__What you need to do__
A word-for-word copy of the whole listing is the required answer.

__Recorded information__

(* Let $S$ be a right loop, $\nu:S\to S/\mathcal Z(S)$ the natural projection, and $\theta:G_S\to G_{S/\mathcal Z(S)}$ the induced surjective group homomorphism $f^S(y,z)\mapsto f^{S/\mathcal Z(S)}(\nu(y),\nu(z))$. Then $\ker\theta$ is isomorphic to a subgroup of the abelian group $\prod_{\mathcal A}\mathcal Z(S)$ for some index set $\mathcal A$ (one may take $\mathcal A$ to be a set of representatives of the cosets $\mathcal Z(S)\circ x$ other than $\mathcal Z(S)$).
   Context: A right loop is a set $S$ with binary operation $\circ$ and two-sided identity $1$ such that each equation $X\circ a=b$ has a unique solution. For $y,z\in S$, $f^S(y,z):S\to S$ sends $x$ to the unique $X$ with $X\circ(y\circ z)=(x\circ y)\circ z$; $G_S\le\mathrm{Sym}(S)$ is generated by all $f^S(y,z)$. A congruence on $S$ is an equivalence relation which is a right subloop of $S\times S$; an invariant right subloop is the class $T$ of $1$ under a congruence, $S/T=\{T\circ x\}$ with $(T\circ x)\circ(T\circ y)=T\circ(x\circ y)$. Centralizing: for congruences $\beta,\gamma$, $\gamma$ centralizes $\beta$ if there is a congruence $(\gamma|\beta)$ on the right loop $\beta\subseteq S\times S$ with: (i) $(x,y)(\gamma|\beta)(u,v)\Rightarrow x\gamma u$; (ii) for $(x,y)\in\beta$, $(u,v)\mapsto u$ is a bijection from the $(\gamma|\beta)$-class of $(x,y)$ to the $\gamma$-class of $x$; (iii) $(x,y)\in\gamma\Rightarrow(x,x)(\gamma|\beta)(y,y)$; (iv) $(x,y)(\gamma|\beta)(u,v)\Rightarrow(y,x)(\gamma|\beta)(v,u)$; (v) $(x,y)(\gamma|\beta)(u,v)$, $(y,z)(\gamma|\beta)(v,w)\Rightarrow(x,z)(\gamma|\beta)(u,w)$. The center congruence $\zeta(S)$ is the unique maximal congruence centralized by $S\times S$; the center $\mathcal Z(S)$ is its class of $1$, an invariant right subloop which is an abelian group under $\circ$. *)

From Stdlib Require Import Classical ClassicalEpsilon FunctionalExtensionality.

__Output below__
(* Let $S$ be a right loop, $\nu:S\to S/\mathcal Z(S)$ the natural projection, and $\theta:G_S\to G_{S/\mathcal Z(S)}$ the induced surjective group homomorphism $f^S(y,z)\mapsto f^{S/\mathcal Z(S)}(\nu(y),\nu(z))$. Then $\ker\theta$ is isomorphic to a subgroup of the abelian group $\prod_{\mathcal A}\mathcal Z(S)$ for some index set $\mathcal A$ (one may take $\mathcal A$ to be a set of representatives of the cosets $\mathcal Z(S)\circ x$ other than $\mathcal Z(S)$).
   Context: A right loop is a set $S$ with binary operation $\circ$ and two-sided identity $1$ such that each equation $X\circ a=b$ has a unique solution. For $y,z\in S$, $f^S(y,z):S\to S$ sends $x$ to the unique $X$ with $X\circ(y\circ z)=(x\circ y)\circ z$; $G_S\le\mathrm{Sym}(S)$ is generated by all $f^S(y,z)$. A congruence on $S$ is an equivalence relation which is a right subloop of $S\times S$; an invariant right subloop is the class $T$ of $1$ under a congruence, $S/T=\{T\circ x\}$ with $(T\circ x)\circ(T\circ y)=T\circ(x\circ y)$. Centralizing: for congruences $\beta,\gamma$, $\gamma$ centralizes $\beta$ if there is a congruence $(\gamma|\beta)$ on the right loop $\beta\subseteq S\times S$ with: (i) $(x,y)(\gamma|\beta)(u,v)\Rightarrow x\gamma u$; (ii) for $(x,y)\in\beta$, $(u,v)\mapsto u$ is a bijection from the $(\gamma|\beta)$-class of $(x,y)$ to the $\gamma$-class of $x$; (iii) $(x,y)\in\gamma\Rightarrow(x,x)(\gamma|\beta)(y,y)$; (iv) $(x,y)(\gamma|\beta)(u,v)\Rightarrow(y,x)(\gamma|\beta)(v,u)$; (v) $(x,y)(\gamma|\beta)(u,v)$, $(y,z)(\gamma|\beta)(v,w)\Rightarrow(x,z)(\gamma|\beta)(u,w)$. The center congruence $\zeta(S)$ is the unique maximal congruence centralized by $S\times S$; the center $\mathcal Z(S)$ is its class of $1$, an invariant right subloop which is an abelian group under $\circ$. *)

From Stdlib Require Import Classical ClassicalEpsilon FunctionalExtensionality.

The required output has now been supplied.